Agencies can use the sample specifications as a basic template for developing their own standard specifications for GRS-IBS, incorporating local experiences and practices where applicable.
GRS-IBS can be used to build single span bridges on all types of roads. The technology offers the advantages of being faster, more economical, and easier to build than standard bridge construction methods. It is also extremely durable and can be built with readily available materials, using common construction equipment, and without the need for highly skilled labor. Defiance County, Ohio, built the world’s first GRS-IBS bridge in 2005, followed by more than 20 additional bridges using the technology. New York’s St. Lawrence County is now using GRS-IBS to replace many of its bridges, realizing cost savings of 50 to 60 percent.
FHWA selected GRS-IBS as one of the technology innovations for accelerated deployment by its Every Day Counts (EDC) initiative in 2010. The technology was included in the second round of EDC under the category of accelerated bridge construction. For more information about EDC, visit www.fhwa.dot.gov/everydaycounts.
GRS-IBS technology consists of three main components: the reinforced soil foundation (RSF), GRS abutment, and GRS integrated approach. The RSF is composed of granular fill material that is compacted and encapsulated with a geotextile fabric. The abutment uses alternating layers of compacted fill and closely spaced (less than 30 cm or 12 in) geosynthetic reinforcement to provide support for the bridge superstructure, which can be placed directly on the abutment without the need for a traditional bearing joint or cast-in-place concrete.
To construct the abutment, a row of facing blocks is followed by a layer of compacted granular fill, and then finished with a layer of geosynthetic reinforcement. This process is repeated until the required abutment height is reached. GRS is then also used to construct an integrated approach for the road that leads to the bridge, alleviating the common “bump” caused by differential settlement between the bridge and approach road.
FHWA’s sample specifications cover both material requirements, including backfill material and geosynthetics, and construction requirements. Among the construction topics highlighted are labor and equipment; site layout; excavation; placement of backfill, compaction, geosynthetic reinforcement, and superstructure; integration of the approach road; and site drainage.
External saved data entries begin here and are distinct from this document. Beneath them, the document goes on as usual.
Lemma measurable_Omega_S S : countable [set: A] -> measurable (Omega_S S).
Proof.
move=> Acount.
have -> : Omega_S S = \bigcap_j \bigcup_(a : A) \bigcup_(b : A)
    ([set x : Omega A | x j = a] `&` [set x | x j.+1 = b] `&` [set _ | S a b]).
  apply/seteqP; split=> x /= hx j.
    by move=> _; exists (x j) => //; exists (x j.+1) => //; split=> //; exact: hx.
  by have [a _ [b _ [[-> ->]]]] := hx j I.
apply: bigcapT_measurable => j.
apply: countable_bigcupT_measurable => // a; apply: countable_bigcupT_measurable => // b.
apply: measurableI; first by apply: measurableI; exact: measurable_coord.
case: (S a b).
  by rewrite (_ : [set _ | _] = setT) //; apply/seteqP.
by rewrite (_ : [set _ | _] = set0) //; apply/seteqP; split.
Qed.

Lemma iter_sshiftE k x i : iter k (@sshift A) x i = x (k + i)%N.
Proof. by elim: k i => // k IH i; rewrite iterS /sshift IH addnS. Qed.

Lemma Omega_S_iter S k x : Omega_S S x -> Omega_S S (iter k (@sshift A) x).
Proof. by move=> hx j; rewrite !iter_sshiftE addnS; exact: hx. Qed.

Lemma cyl_sub_preimage_iter k x n :
  cyl x (k + n) `<=` iter k (@sshift A) @^-1` cyl (iter k (@sshift A) x) n.
Proof. by move=> y hy i hi /=; rewrite !iter_sshiftE; apply: hy; rewrite ltn_add2l. Qed.

Lemma image_sshift_cyl S x n : Omega_S S x -> (0 < n)%N ->
  @sshift A @` (cyl x n.+1 `&` Omega_S S) = cyl (sshift x) n `&` Omega_S S.
Proof.
move=> hx n_gt0; apply/seteqP; split=> [_ [y [hy hyS] <-]|y [hy hyS]].
  by split=> [i hi|j]; [exact: hy|exact: hyS].
exists (fun i => if i is j.+1 then y j else x 0%N); last exact: funext.
split=> [[|i] //= hi|[|j] //=]; first exact: hy.
by rewrite (hy 0%N n_gt0); exact: hx.
Qed.

End Shift.

Section Probability.
Variables (A : pointedType) (R : realType) (P : probability (Omega A) R).

Lemma shift_invariant_iter : shift_invariant P ->
  forall k E, measurable E -> P (iter k (@sshift A) @^-1` E) = P E.
Proof.
move=> Pinv k; elim: k => // k IH E mE.
rewrite (_ : _ @^-1` E = iter k (@sshift A) @^-1` (@sshift A @^-1` E)); last first.
  by apply/seteqP; split=> x; rewrite /= -iterS iterSr.
rewrite IH ?Pinv //.
by rewrite -[X in measurable X]setTI; exact: measurable_sshift.
Qed.

Lemma probability_setI_full B C :
  measurable B -> measurable C -> P C = 1%E -> P (B `&` C) = P B.
Proof.
move=> mB mC PC1.
have PBC0 : P (B `\` C) = 0%E.
  apply/eqP; rewrite eq_le measure_ge0 andbT.
  have <- : P (~` C) = 0%E by rewrite probability_setC // PC1 subee.
  by apply: le_measure; rewrite ?inE; [exact: measurableD|exact: measurableC|move=> x []].
rewrite -[in RHS](setUIDK B C) measureU.
- by rewrite -[LHS]adde0; congr (_ + _)%E; exact/esym.
- exact: measurableI.
- exact: measurableD.
- by apply/seteqP; split=> // x [[_ ?] [_ []]].
Qed.

Lemma Omega_P_iter w k : shift_invariant P -> Omega_P P w ->
  Omega_P P (iter k (@sshift A) w).
Proof.
move=> Pinv hw n; apply: lt_le_trans (hw (k + n)%N) _.
rewrite -(shift_invariant_iter Pinv k (measurable_cyl (iter k _ w) n)).
apply: le_measure; rewrite ?inE; [exact: measurable_cyl| |exact: cyl_sub_preimage_iter].
by rewrite -[X in measurable X]setTI; apply: measurable_iter_sshift => //; exact: measurable_cyl.
Qed.

Lemma Omega_P_sub_Omega_S S : countable [set: A] -> P (Omega_S S) = 1%E ->
  Omega_P P `<=` Omega_S S.
Proof.
move=> Acount PS1 w hw j; apply/negPn/negP => notS.
have := hw j.+2.
rewrite -(probability_setI_full (measurable_cyl _ _) (measurable_Omega_S S Acount) PS1).
suff -> : cyl w j.+2 `&` Omega_S S = set0 by rewrite measure0 ltxx.
apply/seteqP; split=> // y [hy hyS]; move/negP: notS; apply.
by rewrite -(hy j) // -(hy j.+1).
Qed.

Lemma probability_cylE x n : P (cyl x n) = (fine (P (cyl x n)))%:E.
Proof. by rewrite fineK // fin_num_measure //; exact: measurable_cyl. Qed.

Lemma fine_cyl_gt0 x n : Omega_P P x -> 0 < fine (P (cyl x n)).
Proof. by move=> hx; rewrite -lte_fin -probability_cylE. Qed.

Lemma betaE w r n : beta P w r n = fine (P (cyl w (n + r))) / fine (P (cyl w n)).
Proof. by rewrite /beta /cond_prob setIidl //; apply: cyl_le; exact: leq_addr. Qed.

End Probability.

Lemma ge0_integral_bounds d (T : measurableType d) (R : realType)
    (mu : {measure set T -> \bar R}) (D : set T) (f : T -> R) (c e : R) :
  measurable D -> measurable_fun D f -> 0 <= c ->
  (forall y, D y -> c <= f y <= e) ->
  (c%:E * mu D <= \int[mu]_(y in D) (f y)%:E <= e%:E * mu D)%E.
Proof.
move=> mD mf c_ge0 hf; have mEf := (measurable_realfun.measurable_EFinP _ _).2 mf.
have f_ge0 y : D y -> (0 <= (f y)%:E)%E.
  by move=> /hf /andP[cf _]; rewrite lee_fin (le_trans c_ge0).
rewrite -!integral_cst //; apply/andP; split; apply: ge0_le_integral => //.
  by move=> y /hf /andP[cf _]; rewrite lee_fin.
by move=> y /hf /andP[_ fe]; rewrite lee_fin.
Qed.

Section InverseJacobian.
Variables (A : pointedType) (R : realType) (P : probability (Omega A) R).
Variables (S : A -> A -> bool) (mu : {measure set Omega A -> \bar R}) (J : Omega A -> R).
Hypotheses (Acount : countable [set: A]) (PS1 : P (Omega_S S) = 1%E).
Hypotheses (hmu : is_PoT P S mu) (hJ : is_inv_jacobian P S mu J).

Let measurable_cyl_S x n : measurable (cyl x n `&` Omega_S S).
Proof. exact: measurableI (measurable_cyl _ _) (measurable_Omega_S S Acount). Qed.

Lemma PoT_cyl x n : Omega_S S x -> (0 < n)%N ->
  mu (cyl x n.+1 `&` Omega_S S) = P (cyl (sshift x) n).
Proof.
move=> hx n_gt0; rewrite hmu; [|exact: measurable_cyl_S|exact: subIsetr].
have image_slice a : P (@sshift A @` (cyl x n.+1 `&` Omega_S S `&` [set y | y 0%N = a])) =
    if a \in [set x 0%N] then P (cyl (sshift x) n) else 0%E.
  case: ifPn => [/set_mem /= ->|/negP xa].
    rewrite setIidl; last by move=> y [hy _]; exact: hy.
    rewrite image_sshift_cyl // probability_setI_full //; first exact: measurable_cyl.
    exact: measurable_Omega_S.
  rewrite (_ : _ `&` _ = set0) ?image_set0 ?measure0 //.
  by apply/seteqP; split=> // y [[hy _] ya]; apply: xa; rewrite -ya inE hy.
by rewrite (eq_esum (fun a _ => image_slice a)) -esum_mkcond esum_set1.
Qed.

Lemma inv_jacobian_cyl x n :
  P (cyl x n) = (\int[mu]_(y in cyl x n `&` Omega_S S) (J y)%:E)%E.
Proof.
rewrite -(probability_setI_full (measurable_cyl x n) (measurable_Omega_S S Acount) PS1).
by apply: hJ.2.2; [exact: measurable_cyl_S|exact: subIsetr].
Qed.

Lemma cyl_ratio_cvg x : continuous_on_S S J -> Omega_S S x -> Omega_P P (sshift x) ->
  (fun n => fine (P (cyl x n.+1)) / fine (P (cyl (sshift x) n))) @ \oo --> J x.
Proof.
move=> Jc hx hTx; apply/cvgrPdist_le => e e_gt0.
have [N hN] := Jc x hx e e_gt0.
exists (maxn N 1) => // n /=; rewrite geq_max => /andP[leNn n_gt0].
have J_near y : (cyl x n.+1 `&` Omega_S S) y -> Num.max (J x - e) 0 <= J y <= J x + e.
  move=> [hy hyS]; have := hN y hyS (cyl_le (leqW leNn) hy).
  by rewrite ltr_distl ge_max hJ.2.1 // andbT => /andP[/ltW -> /ltW ->].
have mJ : measurable_fun (cyl x n.+1 `&` Omega_S S) J.
  exact: measurable_funS (measurable_Omega_S S Acount) (@subIsetr _ _ _) hJ.1.
(* Truncating the lower bound at 0 keeps both comparisons among nonnegative integrands. *)
have max_ge0 : 0 <= Num.max (J x - e) 0 by rewrite le_max lexx orbT.
have := ge0_integral_bounds mu (measurable_cyl_S x n.+1) mJ max_ge0 J_near.
rewrite -inv_jacobian_cyl PoT_cyl // [P (cyl x _)]probability_cylE.
rewrite [P (cyl (sshift x) _)]probability_cylE -!EFinM !lee_fin.
have q_gt0 := fine_cyl_gt0 n hTx.
move=> /andP[lo up]; rewrite /= ler_distl; apply/andP; split.
  by rewrite lerBlDr ler_pdivrMr.
rewrite -lerBlDr ler_pdivlMr // (le_trans _ lo) //.
by rewrite ler_wpM2r ?(ltW q_gt0) // le_max lexx.
Qed.

End InverseJacobian.

Lemma ratio_telescope_cvg (R : realFieldType) (p : nat -> nat -> R) (L : nat -> R) r :
  (forall k n, p k n != 0) ->
  (forall k, (fun n => p k n.+1 / p k.+1 n) @ \oo --> L k) ->
  (fun n => p 0%N (n + r)%N / p r n) @ \oo --> \prod_(k < r) L k.
Proof.
move=> p_neq0 pL; elim: r => [|r IH].
  rewrite big_ord0; under eq_fun do rewrite addn0 divff //.
  exact: cvg_cst.
have -> : (fun n => p 0%N (n + r.+1)%N / p r.+1 n) =
    (fun n => p 0%N (n.+1 + r)%N / p r n.+1) \* (fun n => p r n.+1 / p r.+1 n).
  by apply/funext => n /=; rewrite addSnnS mulrA divfK.
rewrite big_ord_recr /=; apply: cvgM => //.
by rewrite (cvg_shiftS (fun n => p 0%N (n + r)%N / p r n)).
Qed.

Theorem theorem3 (R : realType) (A : pointedType)
  (hAcount : countable [set: A])
  (hA2 : exists a b : A, a <> b)
  (P : probability (Omega A) R)
  (hinv : shift_invariant P)
  (hpsi : psi_mixing P)
  (S : A -> A -> bool)
  (hrows : forall a, exists b, S a b)
  (hcols : forall b, exists a, S a b)
  (hPS : P (Omega_S S) = 1%E)
  (hmix : top_mixing_S S)
  (mu : {measure set (Omega A) -> \bar R})
  (hmu : is_PoT P S mu)
  (J : Omega A -> R)
  (hJ : is_inv_jacobian P S mu J)
  (hJc : continuous_on_S S J)
  (w : Omega A) (hw : Omega_P P w)
  (r : nat) (hr : min_period w r) :
  beta P w r n @[n --> \oo] --> \prod_(j < r) J (iter j (@sshift A) w).
Proof.
have wS := Omega_P_sub_Omega_S hAcount hPS hw.
have [_ [wr _]] := hr.
pose p k n := fine (P (cyl (iter k (@sshift A) w) n)).
have -> : beta P w r = fun n => p 0%N (n + r)%N / p r n.
  by apply/funext => n; rewrite betaE /p wr.
apply: (ratio_telescope_cvg (L := fun k => J (iter k (@sshift A) w))) => [k n|k].
  by rewrite gt_eqF // fine_cyl_gt0 //; exact: Omega_P_iter.
apply: (cyl_ratio_cvg hAcount hPS hmu hJ hJc); first exact: Omega_S_iter.
exact: (Omega_P_iter k.+1).
Qed.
Also featured is contractor quality control (QC). Topics include creating a contractor QC plan, personnel and laboratory facility requirements, inspection, sampling and testing, and documentation and data evaluation. Agencies can also find sample specifications for project acceptance and contractor payment.
To download the Sample Guide Specifications, visit www.fhwa.dot.gov/publications/research/infrastructure/structures/12051/12051.pdf. For more information, contact Jennifer Nicks at FHWA, 202-493-3075 (email: email@example.com), or Daniel Alzamora at FHWA, 720-963-3214 (email: firstname.lastname@example.org). Additional information on implementing GRS-IBS is available in FHWA’s Geosynthetic Reinforced Soil Integrated Bridge System Interim Implementation Guide (Pub. No. FHWA-HRT-11-026), which is available at www.fhwa.dot.gov/publications/research/infrastructure/structures/11026/index.cfm. To view a construction video that demonstrates how to use GRS-IBS, visit FHWA’s YouTube channel at www.youtube.com/user/USDOTFHWA (select “Turner-Fairbank Highway Research Center” and then choose “Geosynthetic Reinforced Soil-Integrated Bridge System”). The video can also be viewed on the FHWA EDC Web site at www.fhwa.dot.gov/everydaycounts/technology/grs_ibs/multimedia.cfm.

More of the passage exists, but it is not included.